What you are asked to do: Below are the records; copy out every line that holds the word "Heps".

Collected data entries:
+++

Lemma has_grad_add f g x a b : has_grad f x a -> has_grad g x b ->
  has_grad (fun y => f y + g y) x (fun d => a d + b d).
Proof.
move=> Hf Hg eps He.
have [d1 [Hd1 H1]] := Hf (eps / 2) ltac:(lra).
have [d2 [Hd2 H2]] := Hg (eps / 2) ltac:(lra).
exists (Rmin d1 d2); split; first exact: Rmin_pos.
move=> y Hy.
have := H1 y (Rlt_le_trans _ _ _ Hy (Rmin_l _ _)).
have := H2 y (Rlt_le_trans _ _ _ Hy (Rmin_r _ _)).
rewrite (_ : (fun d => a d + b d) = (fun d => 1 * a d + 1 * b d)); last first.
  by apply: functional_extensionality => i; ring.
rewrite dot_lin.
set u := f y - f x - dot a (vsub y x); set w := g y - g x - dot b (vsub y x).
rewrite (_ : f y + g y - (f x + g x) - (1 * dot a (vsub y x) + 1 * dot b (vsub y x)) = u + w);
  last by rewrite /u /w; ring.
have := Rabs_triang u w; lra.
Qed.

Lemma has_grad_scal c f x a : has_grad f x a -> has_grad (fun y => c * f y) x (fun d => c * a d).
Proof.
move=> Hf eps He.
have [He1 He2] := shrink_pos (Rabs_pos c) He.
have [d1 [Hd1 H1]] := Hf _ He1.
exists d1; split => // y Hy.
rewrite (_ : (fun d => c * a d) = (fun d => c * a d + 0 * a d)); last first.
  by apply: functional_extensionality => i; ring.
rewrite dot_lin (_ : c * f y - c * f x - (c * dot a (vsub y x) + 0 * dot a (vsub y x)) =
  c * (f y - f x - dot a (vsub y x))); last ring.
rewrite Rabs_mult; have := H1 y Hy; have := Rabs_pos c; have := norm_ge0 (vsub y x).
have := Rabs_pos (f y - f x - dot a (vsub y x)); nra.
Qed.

+++

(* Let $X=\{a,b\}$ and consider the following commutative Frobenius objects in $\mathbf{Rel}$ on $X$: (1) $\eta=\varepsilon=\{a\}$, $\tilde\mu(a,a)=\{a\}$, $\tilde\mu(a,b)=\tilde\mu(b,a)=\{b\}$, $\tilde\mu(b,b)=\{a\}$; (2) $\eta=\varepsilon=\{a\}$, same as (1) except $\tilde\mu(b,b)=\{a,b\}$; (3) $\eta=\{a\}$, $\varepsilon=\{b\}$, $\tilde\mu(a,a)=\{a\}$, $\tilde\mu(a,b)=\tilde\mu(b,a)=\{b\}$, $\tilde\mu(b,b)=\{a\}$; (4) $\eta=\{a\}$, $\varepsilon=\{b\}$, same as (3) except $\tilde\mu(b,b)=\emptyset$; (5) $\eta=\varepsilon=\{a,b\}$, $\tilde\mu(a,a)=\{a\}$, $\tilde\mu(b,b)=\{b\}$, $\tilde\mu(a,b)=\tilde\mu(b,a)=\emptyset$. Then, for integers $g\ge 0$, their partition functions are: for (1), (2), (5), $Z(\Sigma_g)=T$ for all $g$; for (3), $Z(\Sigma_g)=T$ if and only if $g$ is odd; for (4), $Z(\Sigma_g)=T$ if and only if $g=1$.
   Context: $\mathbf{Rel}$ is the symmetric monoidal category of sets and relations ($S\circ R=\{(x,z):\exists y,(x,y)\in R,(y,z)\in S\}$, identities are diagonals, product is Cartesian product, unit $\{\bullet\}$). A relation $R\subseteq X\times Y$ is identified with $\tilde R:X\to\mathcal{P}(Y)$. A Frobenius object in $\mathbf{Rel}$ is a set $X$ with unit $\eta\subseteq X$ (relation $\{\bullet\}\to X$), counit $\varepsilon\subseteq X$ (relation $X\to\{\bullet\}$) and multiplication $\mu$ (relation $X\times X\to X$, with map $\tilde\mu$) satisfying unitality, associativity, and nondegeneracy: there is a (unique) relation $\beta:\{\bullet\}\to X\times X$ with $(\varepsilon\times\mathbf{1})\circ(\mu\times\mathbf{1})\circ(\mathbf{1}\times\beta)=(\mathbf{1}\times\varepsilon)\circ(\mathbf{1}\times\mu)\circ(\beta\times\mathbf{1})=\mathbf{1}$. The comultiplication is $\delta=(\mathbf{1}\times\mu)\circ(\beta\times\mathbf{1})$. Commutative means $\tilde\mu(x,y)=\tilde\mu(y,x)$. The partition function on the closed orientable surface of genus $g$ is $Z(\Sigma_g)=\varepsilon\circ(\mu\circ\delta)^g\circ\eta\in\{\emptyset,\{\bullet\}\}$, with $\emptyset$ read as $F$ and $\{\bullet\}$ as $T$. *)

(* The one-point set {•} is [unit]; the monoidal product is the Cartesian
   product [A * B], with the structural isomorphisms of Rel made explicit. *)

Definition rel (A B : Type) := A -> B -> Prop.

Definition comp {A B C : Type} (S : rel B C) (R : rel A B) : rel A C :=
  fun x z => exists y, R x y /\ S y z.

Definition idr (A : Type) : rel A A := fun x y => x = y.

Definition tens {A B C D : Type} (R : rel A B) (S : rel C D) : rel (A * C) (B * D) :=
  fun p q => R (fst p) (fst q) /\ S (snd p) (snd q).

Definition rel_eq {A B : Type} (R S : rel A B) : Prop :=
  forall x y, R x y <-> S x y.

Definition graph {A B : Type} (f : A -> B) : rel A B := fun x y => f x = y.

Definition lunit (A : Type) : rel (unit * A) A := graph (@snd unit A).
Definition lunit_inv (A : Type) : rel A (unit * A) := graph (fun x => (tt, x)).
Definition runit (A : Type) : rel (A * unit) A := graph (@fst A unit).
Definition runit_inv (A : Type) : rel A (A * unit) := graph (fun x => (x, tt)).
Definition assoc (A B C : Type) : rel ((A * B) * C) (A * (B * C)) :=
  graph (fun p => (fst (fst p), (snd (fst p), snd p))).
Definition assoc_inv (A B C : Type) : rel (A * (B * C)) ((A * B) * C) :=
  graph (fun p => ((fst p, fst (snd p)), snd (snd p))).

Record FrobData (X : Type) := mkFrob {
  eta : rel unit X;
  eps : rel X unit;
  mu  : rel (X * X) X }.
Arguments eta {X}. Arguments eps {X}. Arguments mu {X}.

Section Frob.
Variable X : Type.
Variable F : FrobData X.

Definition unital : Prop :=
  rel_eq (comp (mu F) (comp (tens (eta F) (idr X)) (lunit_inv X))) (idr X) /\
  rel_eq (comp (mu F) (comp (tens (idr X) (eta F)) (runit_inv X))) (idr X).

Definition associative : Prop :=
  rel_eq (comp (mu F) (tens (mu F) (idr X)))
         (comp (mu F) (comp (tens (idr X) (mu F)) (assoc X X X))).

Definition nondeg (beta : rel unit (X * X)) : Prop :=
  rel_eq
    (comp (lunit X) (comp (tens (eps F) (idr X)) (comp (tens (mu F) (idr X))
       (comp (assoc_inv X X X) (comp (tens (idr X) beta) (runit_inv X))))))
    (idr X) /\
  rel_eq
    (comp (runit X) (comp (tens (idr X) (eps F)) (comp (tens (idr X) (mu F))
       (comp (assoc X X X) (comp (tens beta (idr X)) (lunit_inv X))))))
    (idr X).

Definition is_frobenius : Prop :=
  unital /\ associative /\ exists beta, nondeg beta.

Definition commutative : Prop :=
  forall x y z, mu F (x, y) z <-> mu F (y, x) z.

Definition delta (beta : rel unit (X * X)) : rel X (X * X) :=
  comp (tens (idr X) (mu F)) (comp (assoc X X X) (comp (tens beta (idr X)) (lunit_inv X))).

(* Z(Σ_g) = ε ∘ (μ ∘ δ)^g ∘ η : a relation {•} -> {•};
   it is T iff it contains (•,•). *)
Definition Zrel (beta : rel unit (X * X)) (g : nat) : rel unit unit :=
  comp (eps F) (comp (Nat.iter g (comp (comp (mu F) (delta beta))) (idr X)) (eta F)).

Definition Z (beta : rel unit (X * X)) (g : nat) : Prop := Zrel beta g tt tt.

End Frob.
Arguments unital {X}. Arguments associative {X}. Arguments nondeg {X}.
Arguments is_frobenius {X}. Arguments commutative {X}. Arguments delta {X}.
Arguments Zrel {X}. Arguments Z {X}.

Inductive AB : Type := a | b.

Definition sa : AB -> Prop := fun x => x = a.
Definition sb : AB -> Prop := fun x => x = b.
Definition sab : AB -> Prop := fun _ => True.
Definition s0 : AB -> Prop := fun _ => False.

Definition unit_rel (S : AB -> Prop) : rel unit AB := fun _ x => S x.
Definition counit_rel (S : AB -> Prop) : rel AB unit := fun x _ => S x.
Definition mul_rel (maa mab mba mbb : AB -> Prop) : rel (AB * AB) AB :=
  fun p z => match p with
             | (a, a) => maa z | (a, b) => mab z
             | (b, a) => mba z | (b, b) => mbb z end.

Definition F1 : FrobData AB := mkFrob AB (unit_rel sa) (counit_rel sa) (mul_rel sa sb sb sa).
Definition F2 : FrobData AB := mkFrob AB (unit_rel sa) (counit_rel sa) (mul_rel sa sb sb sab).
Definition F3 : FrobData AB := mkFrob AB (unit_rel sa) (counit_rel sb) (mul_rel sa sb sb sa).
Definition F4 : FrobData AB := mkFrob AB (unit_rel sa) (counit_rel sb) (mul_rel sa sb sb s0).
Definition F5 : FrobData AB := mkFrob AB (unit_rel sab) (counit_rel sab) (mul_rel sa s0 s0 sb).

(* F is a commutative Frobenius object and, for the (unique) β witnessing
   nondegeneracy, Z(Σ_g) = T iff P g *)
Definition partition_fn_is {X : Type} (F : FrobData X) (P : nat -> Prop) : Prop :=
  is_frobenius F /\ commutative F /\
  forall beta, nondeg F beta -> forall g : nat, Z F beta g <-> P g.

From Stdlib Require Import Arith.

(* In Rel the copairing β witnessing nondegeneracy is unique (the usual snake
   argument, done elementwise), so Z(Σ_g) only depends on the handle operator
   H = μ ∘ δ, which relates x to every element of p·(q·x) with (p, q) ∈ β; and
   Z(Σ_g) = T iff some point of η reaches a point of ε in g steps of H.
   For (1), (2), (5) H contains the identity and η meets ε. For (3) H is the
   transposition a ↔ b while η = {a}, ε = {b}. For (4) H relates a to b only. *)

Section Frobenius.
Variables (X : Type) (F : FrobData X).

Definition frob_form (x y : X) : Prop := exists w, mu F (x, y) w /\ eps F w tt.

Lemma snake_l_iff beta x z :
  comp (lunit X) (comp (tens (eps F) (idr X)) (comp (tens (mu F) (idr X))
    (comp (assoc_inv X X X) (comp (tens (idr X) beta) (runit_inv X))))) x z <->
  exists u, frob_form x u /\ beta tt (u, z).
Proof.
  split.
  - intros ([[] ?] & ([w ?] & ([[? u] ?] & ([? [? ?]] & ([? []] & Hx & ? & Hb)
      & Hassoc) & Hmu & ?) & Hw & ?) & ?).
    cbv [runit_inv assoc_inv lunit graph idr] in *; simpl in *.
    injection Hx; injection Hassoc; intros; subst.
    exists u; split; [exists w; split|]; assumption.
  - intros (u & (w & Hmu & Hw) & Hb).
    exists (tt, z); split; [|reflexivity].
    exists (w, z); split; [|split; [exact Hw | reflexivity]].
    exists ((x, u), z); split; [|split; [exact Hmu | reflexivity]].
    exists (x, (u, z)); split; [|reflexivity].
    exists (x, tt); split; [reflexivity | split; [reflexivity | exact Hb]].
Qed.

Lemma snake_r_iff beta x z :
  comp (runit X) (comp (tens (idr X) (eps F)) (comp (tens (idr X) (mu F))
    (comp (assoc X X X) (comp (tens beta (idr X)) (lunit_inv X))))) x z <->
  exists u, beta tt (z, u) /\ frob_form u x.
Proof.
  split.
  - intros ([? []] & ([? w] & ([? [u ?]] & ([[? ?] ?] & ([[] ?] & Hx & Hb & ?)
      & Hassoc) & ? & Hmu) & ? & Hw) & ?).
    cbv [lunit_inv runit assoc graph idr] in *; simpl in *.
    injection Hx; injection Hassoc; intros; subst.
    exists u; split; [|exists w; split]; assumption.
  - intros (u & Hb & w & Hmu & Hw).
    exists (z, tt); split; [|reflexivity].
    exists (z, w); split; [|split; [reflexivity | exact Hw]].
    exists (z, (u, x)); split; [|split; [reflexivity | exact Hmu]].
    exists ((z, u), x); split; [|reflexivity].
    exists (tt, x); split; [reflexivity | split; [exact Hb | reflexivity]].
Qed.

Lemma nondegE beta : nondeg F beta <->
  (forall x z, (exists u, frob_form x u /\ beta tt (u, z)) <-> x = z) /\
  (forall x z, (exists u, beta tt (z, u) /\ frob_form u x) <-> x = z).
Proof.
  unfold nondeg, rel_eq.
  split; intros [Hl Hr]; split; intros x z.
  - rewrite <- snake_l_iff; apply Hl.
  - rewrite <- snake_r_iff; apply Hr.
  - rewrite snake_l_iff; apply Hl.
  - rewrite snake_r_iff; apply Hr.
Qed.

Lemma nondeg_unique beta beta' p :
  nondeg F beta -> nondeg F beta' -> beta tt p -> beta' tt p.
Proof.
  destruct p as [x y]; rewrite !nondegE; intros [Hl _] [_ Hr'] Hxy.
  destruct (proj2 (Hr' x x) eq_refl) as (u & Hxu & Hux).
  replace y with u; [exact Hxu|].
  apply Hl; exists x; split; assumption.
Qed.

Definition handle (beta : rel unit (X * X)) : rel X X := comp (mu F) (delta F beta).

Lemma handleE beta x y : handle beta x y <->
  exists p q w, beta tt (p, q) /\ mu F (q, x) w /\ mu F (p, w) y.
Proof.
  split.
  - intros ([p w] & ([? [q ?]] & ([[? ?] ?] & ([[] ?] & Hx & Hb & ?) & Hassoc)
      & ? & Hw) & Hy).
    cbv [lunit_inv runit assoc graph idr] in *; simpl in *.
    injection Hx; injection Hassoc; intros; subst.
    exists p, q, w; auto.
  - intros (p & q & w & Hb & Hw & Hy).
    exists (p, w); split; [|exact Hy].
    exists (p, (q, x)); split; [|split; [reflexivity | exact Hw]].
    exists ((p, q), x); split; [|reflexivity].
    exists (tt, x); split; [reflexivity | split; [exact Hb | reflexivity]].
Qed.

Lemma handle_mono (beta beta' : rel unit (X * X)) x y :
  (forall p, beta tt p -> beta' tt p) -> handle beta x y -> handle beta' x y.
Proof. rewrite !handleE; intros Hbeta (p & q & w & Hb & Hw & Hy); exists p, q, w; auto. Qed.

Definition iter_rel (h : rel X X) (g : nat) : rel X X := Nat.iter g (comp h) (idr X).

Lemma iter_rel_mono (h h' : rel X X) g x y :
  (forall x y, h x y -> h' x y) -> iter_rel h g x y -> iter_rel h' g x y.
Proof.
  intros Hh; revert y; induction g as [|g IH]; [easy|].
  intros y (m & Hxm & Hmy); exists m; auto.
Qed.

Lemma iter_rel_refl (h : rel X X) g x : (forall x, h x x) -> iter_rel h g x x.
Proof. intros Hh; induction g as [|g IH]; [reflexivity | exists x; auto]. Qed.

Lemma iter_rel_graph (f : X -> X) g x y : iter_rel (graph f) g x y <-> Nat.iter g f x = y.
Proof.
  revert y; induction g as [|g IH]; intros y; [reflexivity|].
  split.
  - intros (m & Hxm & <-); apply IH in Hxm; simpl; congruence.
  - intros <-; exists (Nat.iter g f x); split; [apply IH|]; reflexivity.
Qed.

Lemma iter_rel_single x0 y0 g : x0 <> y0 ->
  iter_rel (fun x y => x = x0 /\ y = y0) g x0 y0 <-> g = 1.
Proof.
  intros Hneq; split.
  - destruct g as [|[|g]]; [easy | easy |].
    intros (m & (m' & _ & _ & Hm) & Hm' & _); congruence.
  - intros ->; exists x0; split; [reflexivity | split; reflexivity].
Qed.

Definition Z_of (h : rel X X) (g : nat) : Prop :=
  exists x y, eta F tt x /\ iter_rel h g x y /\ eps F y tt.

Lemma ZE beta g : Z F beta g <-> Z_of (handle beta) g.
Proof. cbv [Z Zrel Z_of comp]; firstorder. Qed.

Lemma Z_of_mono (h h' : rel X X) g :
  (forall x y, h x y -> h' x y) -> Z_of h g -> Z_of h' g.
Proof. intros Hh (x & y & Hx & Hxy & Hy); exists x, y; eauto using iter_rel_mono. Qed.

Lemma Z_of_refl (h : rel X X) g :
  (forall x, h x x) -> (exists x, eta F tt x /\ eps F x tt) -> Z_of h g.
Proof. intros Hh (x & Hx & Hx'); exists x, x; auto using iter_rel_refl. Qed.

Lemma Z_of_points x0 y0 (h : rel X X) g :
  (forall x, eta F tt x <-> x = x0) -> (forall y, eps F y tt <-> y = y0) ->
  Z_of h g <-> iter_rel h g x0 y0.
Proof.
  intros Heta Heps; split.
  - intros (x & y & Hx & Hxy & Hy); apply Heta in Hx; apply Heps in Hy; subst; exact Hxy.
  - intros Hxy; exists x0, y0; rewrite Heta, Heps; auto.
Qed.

+++

Written response:
  intros Heta Heps; split.
  - intros (x & y & Hx & Hxy & Hy); apply Heta in Hx; apply Heps in Hy; subst; exact Hxy.
  - intros Hxy; exists x0, y0; rewrite Heta, Heps; auto.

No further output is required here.